Normalizing heartbeat rates is important because even individuals from the same species, the same age cohort and subjected to the same treatment will have different basal heart beat frequencies. After normalizing, these differences are minimized, and the analysis can focus on the change of hear beat frequency relative to a reference period (the baseline period chosen) rather than on the absolute values of heart beat frequency - which can be misleading.

The period chosen for the baseline doesn't need to be long - it's much more important that conditions (and hopefully heart beat frequencies) are as stable and least stressful as possible during that period.

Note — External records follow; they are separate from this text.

(* For $U>0$, $\mu\in\mathbb{R}$, $T\ge0$ there exist constants $\eta>0$, $C>0$ depending only on $T,U,\mu$ such that for all $(\gamma,\alpha,\rho_0)\in\mathcal{D}$, $\mathcal{F}(\gamma,\alpha,\rho_0)\ge \eta(\rho_0^2+\rho_\gamma^2)-C$, where $\rho_\gamma=\int_{\mathbb{T}^3}\gamma\,dp$. In particular, for any minimizing sequence $(\gamma_n,\alpha_n,\rho_{0,n})$ of $\mathcal{F}$ over $\mathcal{D}$, the sequence $\rho_{0,n}$ is bounded and the sequences $\gamma_n$ and $\alpha_n$ are bounded in $L^1(\mathbb{T}^3)$.
   Context: Let $\mathbb{T}^3=[-\pi,\pi]^3$ with periodic identification and normalized Haar measure $dp$. Let $\varepsilon(p)=4\sum_{k=1}^3\sin^2(p_k/2)$. $\mathcal{D}=\{(\gamma,\alpha,\rho_0): \gamma\in L^1(\mathbb{T}^3),\ \gamma\ge0,\ \alpha^2\le\gamma(1+\gamma)\text{ a.e.},\ \rho_0\ge0\}$. With $\beta=\sqrt{(\tfrac12+\gamma)^2-\alpha^2}$, $S(\gamma,\alpha)=\int\big[(\beta+\tfrac12)\ln(\beta+\tfrac12)-(\beta-\tfrac12)\ln(\beta-\tfrac12)\big]dp$, and $\mathcal{F}(\gamma,\alpha,\rho_0)=\int(\varepsilon-\mu)\gamma\,dp-\mu\rho_0-TS(\gamma,\alpha)+\frac U2(\int\alpha)^2+U(\int\gamma)^2+U\rho_0\int\alpha+2U\rho_0\int\gamma+\frac U2\rho_0^2$ (integrals over $\mathbb{T}^3$). *)

From HB Require Import structures.
From mathcomp Require Import all_boot all_order all_algebra.
From mathcomp Require Import all_classical all_reals all_analysis.
Set Implicit Arguments. Unset Strict Implicit. Unset Printing Implicit Defensive.
Import Order.TTheory GRing.Theory Num.Theory.
Import numFieldNormedType.Exports.
Local Open Scope classical_set_scope.
Local Open Scope ring_scope.

(* Points of the torus are represented in R^3 = (R * R) * R; the torus T^3 is
   the fundamental box [-pi,pi]^3, the measure is 3-dimensional Lebesgue
   measure (iterated product), and the normalized Haar measure dp is
   Lebesgue measure on the box divided by (2 pi)^3. *)
Definition pt (R : realType) := ((R * R) * R)%type.

Definition leb3 (R : realType) :=
  (((@lebesgue_measure R) \x (@lebesgue_measure R)) \x (@lebesgue_measure R))%E.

After normalization, heart beat frequencies during the baseline period will, by definition, average to 1. Elsewhere, normalized heart beat frequencies represent ratios relative to the baseline: 2 represents a heart beat frequency double the basal frequency, while 0.5 indicates half of the basal frequency. This means that two individuals may experience a doubling of heart beat frequency throughout an experiment even if their absolute heart beat frequencies are markedly different from each other (e.g., individual 1 with hz = 0.6 at t0 and hz = 1.2 at t1, and individual 2 with hz = 0.8 at t0 and hz = 1.6 at t1, will both show hz_norm = 1 at t0 and hz_norm = 2 at t1).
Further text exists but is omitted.